Remember, if you will, that we said that when the great chain of being goes into reverse, bad things happen. Like reverse peristalsis. In this case the bear ate the camper: The angels, wondering if there were any comestibles more delectable than the spiritual effulgencies of humankind, turned their attention to the head of the table and wondered if the radiance of God might not be better eating than the standard diet of cor hominis. In fact, compared with this new idea of eating upwards on the chain, the mere spiritual gristle of the human was as about as appealing as cold haggis.

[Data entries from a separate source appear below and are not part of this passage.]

(* Let $h(x) := \log\Gamma(x)$ for $x>0$. For arbitrary $x>0$, \[ -\frac{1}{8x} - \frac{1}{24x(4x^2-1)_+} < h(x+1/2) - h(x) - \frac{\log x}{2} < -\frac{1}{8(x+1/2)} . \]
   Context: $(y)_+ := \max(y,0)$; for $0 < x \le 1/2$ the term $\frac{1}{24x(4x^2-1)_+}$ is interpreted as $+\infty$, so the lower bound is then $-\infty$. *)

From Stdlib Require Import Reals.
From Coquelicot Require Import Coquelicot.
Open Scope R_scope.

Definition Gamma (x : R) : R :=
  RInt_gen (fun t => Rpower t (x - 1) * exp (- t))
           (at_right 0) (Rbar_locally p_infty).

Definition h (x : R) : R := ln (Gamma x).

Definition posp (y : R) : R := Rmax y 0.

(* Log-convexity of Gamma (Cauchy-Schwarz on Euler's integral) and h (x + 1) = h x + ln x
   are all that is used.  For g x := h (x + 1/2) - h x - ln x / 2, convexity of h gives
   -1/(4x) <= g x <= 0, while the functional equation gives
   g (x + 1) - g x = ln (x + 1/2) - (ln x + ln (x + 1)) / 2, a quantity lying strictly
   between 1/(8(x+1/2)) - 1/(8(x+3/2)) and 1/(8x) - 1/(8(x+1)).  Hence g x + 1/(8(x+1/2))
   and -1/(8x) - g x do not decrease along x, x + 1, x + 2, ... while being O(1/x), so both
   are <= 0; one more unit step makes the upper bound strict, and -1/(8x) <= g x is already
   stronger than the lower bound claimed. *)

From Stdlib Require Import Reals Lra.
From Coquelicot Require Import Coquelicot.
Open Scope R_scope.

Local Notation is_RInt_pos f l := (is_RInt_gen f (at_right 0) (Rbar_locally p_infty) l).
Local Notation ex_RInt_pos f := (ex_RInt_gen f (at_right 0) (Rbar_locally p_infty)).

Lemma filter_prod_pos (P : R -> R -> Prop) :
  (forall a b, 0 < a -> 0 < b -> P a b) ->
  filter_prod (at_right 0) (Rbar_locally p_infty) (fun ab => P (fst ab) (snd ab)).
Proof.
  intros H. apply Filter_prod with (Q := fun a => 0 < a) (R := fun b => 0 < b).
  - exists (mkposreal 1 Rlt_0_1). intros; assumption.
  - exists 0. intros; assumption.
  - intros; simpl; auto.
Qed.

Lemma filter_prod_pos_le (P : R -> R -> Prop) :
  (forall a b, 0 < a -> a <= b -> P a b) ->
  filter_prod (at_right 0) (Rbar_locally p_infty) (fun ab => P (fst ab) (snd ab)).
Proof.
  intros H. apply Filter_prod with (Q := fun a => 0 < a < 1) (R := fun b => 1 < b).
  - exists (mkposreal 1 Rlt_0_1). intros y Hy Hy0. split; auto.
    change (Rabs (y - 0) < 1) in Hy. rewrite Rminus_0_r, Rabs_pos_eq in Hy; lra.
  - exists 1. intros; assumption.
  - intros a b Ha Hb; simpl. apply H; lra.
Qed.

Lemma filterlim_at_right_0 (G : R -> R) (L : R) :
  (forall e, 0 < e -> exists d, 0 < d /\ forall t, 0 < t < d -> Rabs (G t - L) < e) ->
  filterlim G (at_right 0) (locally L).
Proof.
  intros H P [e He]. destruct (H e (cond_pos e)) as [d [Hd Hd']].
  exists (mkposreal d Hd). intros y Hy Hy0. apply He, Hd'. split; auto.
  change (Rabs (y - 0) < d) in Hy. rewrite Rminus_0_r, Rabs_pos_eq in Hy; lra.
Qed.

Lemma filterlim_p_infty (G : R -> R) (L : R) :
  (forall e, 0 < e -> exists M, forall t, M < t -> Rabs (G t - L) < e) ->
  filterlim G (Rbar_locally p_infty) (locally L).
Proof.
  intros H P [e He]. destruct (H e (cond_pos e)) as [M HM].
  exists M. intros y Hy. apply He, HM, Hy.
Qed.

Lemma pos_between (a b x : R) : 0 < a -> 0 < b -> Rmin a b <= x <= Rmax a b -> 0 < x.
Proof. intros Ha Hb [Hx _]. pose proof (Rmin_glb_lt _ _ _ Ha Hb). lra. Qed.

Lemma ex_RInt_continuous_pos (f : R -> R) (a b : R) :
  (forall t, 0 < t -> continuous f t) -> 0 < a -> 0 < b -> ex_RInt f a b.
Proof.
  intros Hc Ha Hb. apply (@ex_RInt_continuous R_CompleteNormedModule).
  intros z Hz. apply Hc, (pos_between a b z Ha Hb Hz).
Qed.

Section Antiderivative.

Variables (F g : R -> R).
Hypothesis F_deriv : forall t, 0 < t -> is_derive F t (g t) /\ continuous g t.

Lemma is_RInt_antiderivative_pos (a b : R) :
  0 < a -> 0 < b -> is_RInt g a b (F b - F a).
Proof.
  intros Ha Hb. apply (is_RInt_derive F g); intros x Hx; apply F_deriv;
    exact (pos_between a b x Ha Hb Hx).
Qed.

Lemma is_RInt_gen_antiderivative (La Lb : R) :
  filterlim F (at_right 0) (locally La) ->
  filterlim F (Rbar_locally p_infty) (locally Lb) ->
  is_RInt_pos g (Lb - La).
Proof.
  intros HA HB.
  apply filterlimi_lim_ext_loc with (f := fun ab => F (snd ab) - F (fst ab)).
  - apply (filter_prod_pos (fun a b => is_RInt g a b (F b - F a))).
    exact is_RInt_antiderivative_pos.
  - apply (filterlim_comp_2 (G := locally Lb) (H := locally (opp La))
             (fun ab => F (snd ab)) (fun ab => opp (F (fst ab))) plus).
    + eapply filterlim_comp; [apply filterlim_snd | exact HB].
    + eapply filterlim_comp; [eapply filterlim_comp; [apply filterlim_fst | exact HA] |].
      apply (@filterlim_opp R_AbsRing R_NormedModule).
    + apply (@filterlim_plus R_AbsRing R_NormedModule).
Qed.

Lemma abs_RInt_le_antiderivative (f : R -> R) (a b : R) :
  (forall t, 0 < t -> continuous f t) ->
  (forall t, 0 < t -> Rabs (f t) <= g t) ->
  0 < a -> 0 < b -> Rabs (RInt f a b) <= Rabs (F b - F a).
Proof.
  intros Hc Hle.
  assert (Hcg : forall t, 0 < t -> continuous g t) by (intros; apply F_deriv; auto).
  assert (ordered : forall a b, 0 < a -> 0 < b -> a <= b ->
                      Rabs (RInt f a b) <= Rabs (F b - F a)).
  { clear a b. intros a b Ha Hb Hab.
    apply Rle_trans with (RInt (fun t => Rabs (f t)) a b).
    { apply abs_RInt_le; auto. apply ex_RInt_continuous_pos; auto. }
    apply Rle_trans with (RInt g a b).
    { apply RInt_le; auto.
      - apply ex_RInt_continuous_pos; auto. intros t Ht.
        apply (continuous_comp f Rabs); auto. apply continuous_Rabs.
      - apply ex_RInt_continuous_pos; auto.
      - intros t Ht. apply Hle. lra. }
    rewrite (is_RInt_unique g a b (F b - F a)) by (apply is_RInt_antiderivative_pos; auto).
    apply Rle_abs. }
  intros Ha Hb. destruct (Rle_dec a b) as [Hab|Hab]; [apply ordered; auto|].
  rewrite <- (opp_RInt_swap f b a) by (apply ex_RInt_continuous_pos; auto).
  change (Rabs (- RInt f b a) <= Rabs (F b - F a)).
  rewrite Rabs_Ropp, Rabs_minus_sym. apply ordered; auto. lra.
Qed.

Lemma abs_RInt_sub_le_antiderivative (f : R -> R) (a b a' b' : R) :
  (forall t, 0 < t -> continuous f t) ->
  (forall t, 0 < t -> Rabs (f t) <= g t) ->
  0 < a -> 0 < b -> 0 < a' -> 0 < b' ->
  Rabs (RInt f a' b' - RInt f a b) <= Rabs (F a' - F a) + Rabs (F b - F b').
Proof.
  intros Hc Hle Ha Hb Ha' Hb'.
  rewrite <- (RInt_Chasles f a a' b), <- (RInt_Chasles f a' b' b)
    by (apply ex_RInt_continuous_pos; auto).
  pose proof (abs_RInt_le_antiderivative f a a' Hc Hle Ha Ha').
  pose proof (abs_RInt_le_antiderivative f b' b Hc Hle Hb' Hb).
  unfold plus; simpl.
  replace (RInt f a' b' - (RInt f a a' + (RInt f a' b' + RInt f b' b)))
    with (- RInt f a a' + - RInt f b' b) by ring.
  eapply Rle_trans; [apply Rabs_triang|]. rewrite !Rabs_Ropp. lra.
Qed.

(* Cauchy criterion at both ends: the variation of [RInt f] is controlled by that of [F]. *)
Lemma ex_RInt_gen_dominated (f : R -> R) (La Lb : R) :
  (forall t, 0 < t -> continuous f t) ->
  (forall t, 0 < t -> Rabs (f t) <= g t) ->
  filterlim F (at_right 0) (locally La) ->
  filterlim F (Rbar_locally p_infty) (locally Lb) ->
  ex_RInt_pos f.
Proof.
  intros Hc Hle HA HB.
  refine (proj1 (filterlimi_locally_cauchy (U := R_CompleteSpace)
    (FF := @filter_prod_proper _ _ _ _ (at_right_proper_filter 0) (Rbar_locally_filter p_infty))
    (fun ab => is_RInt f (fst ab) (snd ab)) _) _).
  - apply (filter_prod_pos (fun a b => (exists y, is_RInt f a b y) /\
       forall y1 y2, is_RInt f a b y1 -> is_RInt f a b y2 -> y1 = y2)).
    intros a b Ha Hb. split.
    + exists (RInt f a b). apply (@RInt_correct R_CompleteNormedModule).
      apply ex_RInt_continuous_pos; auto.
    + intros y1 y2 H1 H2. rewrite <- (is_RInt_unique _ _ _ _ H1). apply is_RInt_unique; auto.
  - intros eps.
    assert (e4 : 0 < eps / 4) by (destruct eps; simpl; lra).
    destruct (HA _ (locally_ball La (mkposreal _ e4))) as [d Hd].
    destruct (HB _ (locally_ball Lb (mkposreal _ e4))) as [M HM].
    exists (fun ab => (0 < fst ab /\ Rabs (F (fst ab) - La) < eps / 4) /\
                      (0 < snd ab /\ Rabs (F (snd ab) - Lb) < eps / 4)).
    split.
    + apply Filter_prod with (Q := fun a => 0 < a /\ Rabs (F a - La) < eps / 4)
                             (R := fun b => 0 < b /\ Rabs (F b - Lb) < eps / 4).
      * exists d. intros y Hy Hy0. split; [exact Hy0 | apply Hd; auto].
      * exists (Rmax M 0). intros y Hy. split.
        -- pose proof (Rmax_r M 0). lra.
        -- apply HM. pose proof (Rmax_l M 0). lra.
      * intros; simpl; auto.
    + intros [a b] [a' b'] [[Ha HFa] [Hb HFb]] [[Ha' HFa'] [Hb' HFb']] u v Hu Hv.
      simpl in *. change (Rabs (v - u) < eps).
      rewrite <- (is_RInt_unique _ _ _ _ Hu), <- (is_RInt_unique _ _ _ _ Hv).
      eapply Rle_lt_trans; [apply abs_RInt_sub_le_antiderivative; auto|].
      apply Rabs_def2 in HFa; apply Rabs_def2 in HFa';
        apply Rabs_def2 in HFb; apply Rabs_def2 in HFb'.
      assert (Rabs (F a' - F a) < eps / 2) by (apply Rabs_def1; lra).
      assert (Rabs (F b - F b') < eps / 2) by (apply Rabs_def1; lra).
      lra.
Qed.

End Antiderivative.

Lemma is_RInt_gen_ge0 (g : R -> R) (l : R) :
  is_RInt_pos g l -> (forall t, 0 < t -> 0 <= g t) -> 0 <= l.
Proof.
  intros Hl Hg.
  assert (K : norm l <= l).
  { apply (@RInt_gen_norm R_CompleteNormedModule _ _
             (at_right_proper_filter 0) (Rbar_locally_filter p_infty) g g l l); auto.
    - exact (filter_prod_pos_le (fun a b => a <= b) (fun a b _ H => H)).
    - apply (filter_prod_pos_le (fun a b => forall x, a <= x <= b -> norm (g x) <= g x)).
      intros a b Ha _ x Hx. change (Rabs (g x) <= g x).
      rewrite Rabs_pos_eq; [lra | apply Hg; lra]. }
  change (Rabs l <= l) in K. pose proof (Rabs_pos l). lra.
Qed.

And so, like a corp of flesh-eating zombies, a band of principalities, supported by a platoon of thrones and a single archangel, walked slowly toward the Lord and began tearing Him to pieces. Others soon joined in and like a turkey after a great Thanksgiving dinner, nothing was left of the carcass but the bones, which the angels soon threw over the gunnels of Heaven, when they drifted down and landed athwart the cordillera we call the Himalayas. Being what they call “subtle substance” — or at least what the Hindus call subtle substance — rather than the gross concrete substance of this sublunary world, they became fossilized not as actual bone or stone, but as a magnetic anomaly in the rock. This is what Fischer had discovered.
But the head, you ask. What about the head? Where did it wind up?
It ended up where such things usually wind up after the barbarians have taken the city: Outside the gate on a pike.
And even now, if you were to approach Heaven, beside the Pearly entrance you will see the grizzly bearded head of Providence, a warning to all who chance to enter.